- Born: 1959 (age 66–67)
- Education: University of Notre Dame University of Pittsburgh
- Occupation: Orthopedic surgeon

= Neal ElAttrache =

American orthopedic surgeon

Neal S. Elattrache (born 1959) is an American orthopedic surgeon who operates on sportspeople and celebrities, specializing at the Cedars-Sinai Kerlan-Jobe Orthopaedic Clinic in Los Angeles, California.

ElAttrache graduated from the University of Notre Dame in 1981 and completed a medical degree in 1985 from the University of Pittsburgh. He works across multiple subfields, and is considered among the best by fellow surgeons. ElAttrache usually practices at a building near Los Angeles International Airport.

He has also treated billionaires, royalty, and many athlete injuries.
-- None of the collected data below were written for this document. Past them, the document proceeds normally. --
Lemma ell_cat A X B : balanced X -> ell (A ++ u_ :: X ++ d_ :: B) (nups A).+1 = size X.
Proof.
move=> bX.
have nthX k : nth u_ (A ++ u_ :: X ++ d_ :: B) ((size A).+1 + k) = nth u_ (X ++ d_ :: B) k.
  rewrite nth_cat ifF; last by apply/negbTE; lia.
  by rewrite (_ : (size A).+1 + k - size A = k.+1) //; lia.
have hdrop : drop (size A).+1 (A ++ u_ :: X ++ d_ :: B) = X ++ d_ :: B.
  by rewrite -cat_rcons drop_cat size_rcons ltnn subnn drop0.
rewrite /ell pos_up_cat hdrop.
have hX : size X < size (A ++ u_ :: X ++ d_ :: B) by rewrite size_cat /= size_cat /=; lia.
apply: (@find_nth_eq nat 0) => [|| j hj]; first by rewrite size_iota.
  by rewrite nth_iota // add0n take_cat ltnn subnn take0 cats0 bX nthX nth_cat ltnn subnn.
rewrite nth_iota ?add0n; last lia.
rewrite nthX take_cat nth_cat hj; apply/negP=> /andP[bj /eqP hd].
by have := balanced_prefix_before_d bX hj bj; rewrite hd.
Qed.

Lemma walk_first_descent w h : walk h.+1 0 w ->
  exists X Y, [/\ w = X ++ d_ :: Y, walk 0 0 X & walk h 0 Y].
Proof.
elim: {w}(size w) {-2}w (leqnn (size w)) h => [|N IHN] [|[] w] //= hs h.
  move=> /(IHN w hs h.+1) [X1 [Y1 [eX1 o1 o2]]].
  have hY1 : size Y1 <= N by move: hs; rewrite eX1 size_cat /=; lia.
  have [X2 [Y2 [eY1 o3 o4]]] := IHN Y1 hY1 h o2; rewrite eX1 eY1.
  exists (u_ :: X1 ++ d_ :: X2), Y2; split=> //; first by rewrite /= -catA.
  exact: walk_cat (walk_shift 1 o1) (o3 : walk 1 0 (d_ :: X2)).
by move=> o; exists [::], w.
Qed.

Lemma first_return w : balanced w -> w != [::] ->
  exists X Y, [/\ w = u_ :: X ++ d_ :: Y, balanced X & balanced Y].
Proof.
rewrite balanced_walk; case: w => [|[] w] //= /walk_first_descent[X [Y [-> o1 o2]]] _.
by exists X, Y; split; rewrite ?balanced_walk.
Qed.

Lemma balanced_ind (P : seq bool -> Prop) : P [::] ->
  (forall X Y, balanced X -> balanced Y -> P X -> P Y -> P (u_ :: X ++ d_ :: Y)) ->
  forall w, balanced w -> P w.
Proof.
move=> P0 PS w; elim: {w}(size w) {-2}w (leqnn (size w)) => [|N IHN] w.
  by case: w.
move=> hs bw; have [->//|nw] := eqVneq w [::].
have [X [Y [e bX bY]]] := first_return bw nw.
by rewrite e in hs *; apply: PS => //; apply: IHN => //; rewrite /= size_cat /= in hs; lia.
Qed.

(** * Words of non-crossing arc systems *)

Definition blocks (f : nat -> nat) (s : seq nat) : seq bool :=
  flatten [seq u_ :: nseq (f v) d_ | v <- s].

Definition mcount (m : nat -> nat) (a b v : nat) : nat :=
  count (fun i => m i == v) (iota a (b - a)).

(* [arc_word m a b] is [u d^c(a) u d^c(a+1) ... u d^c(b-1)], where [c(v)]
   counts the [i] in [[a, b)] with [m i = v]; thus [D(S)] is the arc word of
   the certificate map. *)
Definition arc_word (m : nat -> nat) (a b : nat) : seq bool :=
  blocks (mcount m a b) (iota a (b - a)).

(* The arcs [[i, m i]], [a <= i < b], stay in [[a, b)] and do not cross. *)
Definition nested_map (m : nat -> nat) (a b : nat) : Prop :=
  forall i, a <= i < b -> i <= m i < b /\ forall j, i < j <= m i -> m j <= m i.

Lemma blocks_cat f s1 s2 : blocks f (s1 ++ s2) = blocks f s1 ++ blocks f s2.
Proof. by rewrite /blocks map_cat flatten_cat. Qed.

Lemma blocks_cons f v s : blocks f (v :: s) = u_ :: nseq (f v) d_ ++ blocks f s.
Proof. by []. Qed.

Lemma eq_in_blocks f g s : {in s, f =1 g} -> blocks f s = blocks g s.
Proof. by move=> e; congr flatten; apply/eq_in_map => v /e ->. Qed.

Lemma nups_blocks f s : nups (blocks f s) = size s.
Proof.
elim: s => // v s IH; rewrite blocks_cons nups_cons nups_cat IH /=.
by rewrite (_ : nups (nseq (f v) d_) = 0) //; elim: (f v).
Qed.

Lemma blocks_rcons_bump f (s : seq nat) (c : nat) : c \notin s ->
  blocks (fun v => f v + (v == c)) (rcons s c) = blocks f (rcons s c) ++ [:: d_].
Proof.
move=> cs; rewrite -!cats1 !blocks_cat (@eq_in_blocks _ f) => [|v vs]; last first.
  by rewrite (_ : (v == c) = false) ?addn0 //; apply: contraNF cs => /eqP <-.
by rewrite /blocks /= eqxx addn1 !cats0 -catA; congr (_ ++ _ :: _); elim: (f c) => //= k ->.
Qed.

Lemma mcount_cat m a p b v : a <= p <= b ->
  mcount m a b v = mcount m a p v + mcount m p b v.
Proof.
move=> /andP[ap pb]; rewrite /mcount -count_cat (_ : b - a = p - a + (b - p)); last lia.
by rewrite iotaD subnKC.
Qed.

Lemma mcount_eq0 m a b v : (forall i, a <= i < b -> m i != v) -> mcount m a b v = 0.
Proof.
move=> H; apply/eqP; rewrite -leqn0 leqNgt -has_count; apply/hasPn => i.
by rewrite mem_iota => hi; apply: H; lia.
Qed.

Lemma eq_arc_word m m' a b : (forall i, a <= i < b -> m i = m' i) ->
  arc_word m a b = arc_word m' a b.
Proof.
move=> H; apply: eq_in_blocks => v _; apply: eq_in_count => i.
by rewrite mem_iota => hi; rewrite H //; lia.
Qed.

Lemma arc_word_nil m a b : b <= a -> arc_word m a b = [::].
Proof. by move=> h; rewrite /arc_word (_ : b - a = 0) //; lia. Qed.

Lemma nups_arc_word m a b : nups (arc_word m a b) = b - a.
Proof. by rewrite nups_blocks size_iota. Qed.

Lemma nested_map_suffix m a a' b : nested_map m a b -> a <= a' -> nested_map m a' b.
Proof. by move=> nest aa' i hi; apply: nest; lia. Qed.

Section NestedMap.
Variables (m : nat -> nat) (a b : nat).
Hypothesis nest : nested_map m a b.
Hypothesis ab : a < b.

Let nest_a : a <= m a < b /\ forall j, a < j <= m a -> m j <= m a.
Proof. by apply: nest; rewrite leqnn ab. Qed.

Lemma nested_map_inner : nested_map m a.+1 (m a).+1.
Proof.
move=> i hi; have [_ ma] := nest_a; have /nest[/andP[ii _] mi] : a <= i < b by lia.
by split=> //; have := ma i; lia.
Qed.

Lemma nested_map_outer : nested_map m (m a).+1 b.
Proof. by move=> i hi; apply: nest; have := nest_a; lia. Qed.

Lemma mcount_beyond_arc v : m a < v -> mcount m a b v = mcount m (m a).+1 b v.
Proof.
have [/andP[ac cb] ma] := nest_a; move=> cv; rewrite (@mcount_cat _ _ (m a).+1); last lia.
rewrite [mcount m a _ v]mcount_eq0 // => i hi.
have [ai|<-] : a < i \/ a = i by lia.
  by have := ma i; lia.
lia.
Qed.

Lemma mcount_under_arc v : v <= m a -> mcount m a b v = (v == m a) + mcount m a.+1 (m a).+1 v.
Proof.
have [/andP[ac cb] _] := nest_a; move=> vc.
rewrite (@mcount_cat _ _ a.+1) ?(@mcount_cat _ a.+1 (m a).+1 b); try lia.
rewrite [mcount m (m a).+1 b v]mcount_eq0 => [|i hi]; last first.
  have /nest[/andP[im _] _] : a <= i < b by lia.
  lia.
by rewrite addn0 [mcount m a a.+1 v]/mcount subSnn /= addn0 eq_sym.
Qed.

Lemma arc_word_first_return :
  arc_word m a b = u_ :: arc_word m a.+1 (m a).+1 ++ d_ :: arc_word m (m a).+1 b.
Proof.
have [/andP[ac cb] _] := nest_a.
have cnt_a : mcount m a.+1 (m a).+1 a = 0.
  apply: mcount_eq0 => i hi; have /nest[/andP[im _] _] : a <= i < b by lia.
  lia.
have split_iota : iota a (b - a) = a :: iota a.+1 (m a - a) ++ iota (m a).+1 (b - (m a).+1).
  rewrite (_ : b - a = (m a - a + (b - (m a).+1)).+1) /=; last lia.
  by rewrite iotaD (_ : a.+1 + (m a - a) = (m a).+1) //; lia.
rewrite /arc_word split_iota blocks_cons blocks_cat mcount_under_arc ?cnt_a // addn0.
rewrite [blocks _ (iota (m a).+1 _)](eq_in_blocks (g := mcount m (m a).+1 b)) => [|v]; last first.
  by rewrite mem_iota => hv; apply: mcount_beyond_arc; lia.
rewrite (eq_in_blocks (g := fun v => mcount m a.+1 (m a).+1 v + (v == m a))) => [|v]; last first.
  by rewrite mem_iota => hv; rewrite mcount_under_arc; [exact: addnC | lia].
rewrite subSS; have [ltac|eqac] := ltnP a (m a); last first.
  have eac : a = m a by lia.
  by rewrite -eac eqxx subnn.
rewrite (_ : a == m a = false) /=; last by apply/negbTE; lia.
rewrite (_ : iota a.+1 (m a - a) = rcons (iota a.+1 (m a - a.+1)) (m a)); last first.
  rewrite -cats1 (_ : m a - a = m a - a.+1 + 1); last lia.
  by rewrite iotaD (_ : a.+1 + (m a - a.+1) = m a) //; lia.
by rewrite blocks_rcons_bump ?mem_iota -?catA //; lia.
Qed.

End NestedMap.

Lemma arc_word_balanced m a b : nested_map m a b -> balanced (arc_word m a b).
Proof.
elim: {a b}(b - a) {-2}a {-2}b (leqnn (b - a)) => [|k IH] a b hk nest.
  by rewrite arc_word_nil //; lia.
have [ba|ab] := leqP b a; first by rewrite arc_word_nil.
have /nest[/andP[ac cb] _] : a <= a < b by lia.
rewrite arc_word_first_return //; apply: balanced_first_return; apply: IH.
- lia.
- exact: nested_map_inner nest ab.
- lia.
- exact: nested_map_outer nest ab.
Qed.

Lemma arc_word_decomposition m a b i : nested_map m a b -> a <= i < b ->
  exists A B, arc_word m a b = A ++ u_ :: arc_word m i.+1 (m i).+1 ++ d_ :: B /\
              nups A = i - a.
Proof.
elim: {a b}(b - a) {-2}a {-2}b (leqnn (b - a)) => [|k IH] a b hk nest hi; first lia.
have ab : a < b by lia.
have /nest[/andP[ac cb] _] : a <= a < b by lia.
rewrite arc_word_first_return //.
have [ia|ai|<-] := ltngtP i a; first lia; last first.
  by exists [::], (arc_word m (m i).+1 b); rewrite subnn.
have [im|mi] := leqP i (m a).
  have hk1 : (m a).+1 - a.+1 <= k by lia.
  have hi1 : a.+1 <= i < (m a).+1 by lia.
  have [A [B [-> nA]]] := IH _ _ hk1 (nested_map_inner nest ab) hi1.
  exists (u_ :: A), (B ++ d_ :: arc_word m (m a).+1 b).
  by rewrite nups_cons nA /= -!catA /= -!catA; split=> //; lia.
have hk2 : b - (m a).+1 <= k by lia.
have hi2 : (m a).+1 <= i < b by lia.
have [A [B [-> nA]]] := IH _ _ hk2 (nested_map_outer nest ab) hi2.
exists (u_ :: arc_word m a.+1 (m a).+1 ++ d_ :: A), B; rewrite /= -catA.
by rewrite nups_cons nups_cat nups_cons nA nups_arc_word /=; split=> //; lia.
Qed.

Lemma ell_arc_word m a b i : nested_map m a b -> a <= i < b ->
  ell (arc_word m a b) (i - a).+1 = 2 * (m i - i).
Proof.
move=> nest hi; have [A [B [-> <-]]] := arc_word_decomposition nest hi.
have [/andP[im mb] _] := nest i hi.
have nest_i : nested_map m i.+1 (m i).+1.
  by apply: nested_map_inner; [apply: nested_map_suffix nest _ | ]; lia.
by rewrite ell_cat ?size_balanced ?nups_arc_word //; exact: arc_word_balanced.
Qed.

Lemma ell_arc_word1 m b i : nested_map m 1 b -> 0 < i < b ->
  ell (arc_word m 1 b) i = 2 * (m i - i).
Proof. by move=> nest hi; rewrite -[in ell _ i](@subnK 1 i) ?addn1 ?ell_arc_word //; lia. Qed.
He is also the team physician for the Los Angeles Rams and Los Angeles Dodgers.

==Personal life==
ElAttrache was raised in Mount Pleasant, Pennsylvania by his parents, Selim and Vera ElAttrache; Selim, a Druze Syrian, was also a surgeon. He was an amateur boxer in college, where he won the light-heavyweight boxing championship. ElAttrache underwent a fellowship with sports surgeons Robert Kerlan and Frank Jobe, and was also mentored by James Andrews.

Many of ElAttrache's patients consider him a close friend.

ElAttrache lives near Benedict Canyon with his wife Tricia ( Flavin); he is brothers-in-law with Sylvester Stallone, who is married to Jennifer Flavin.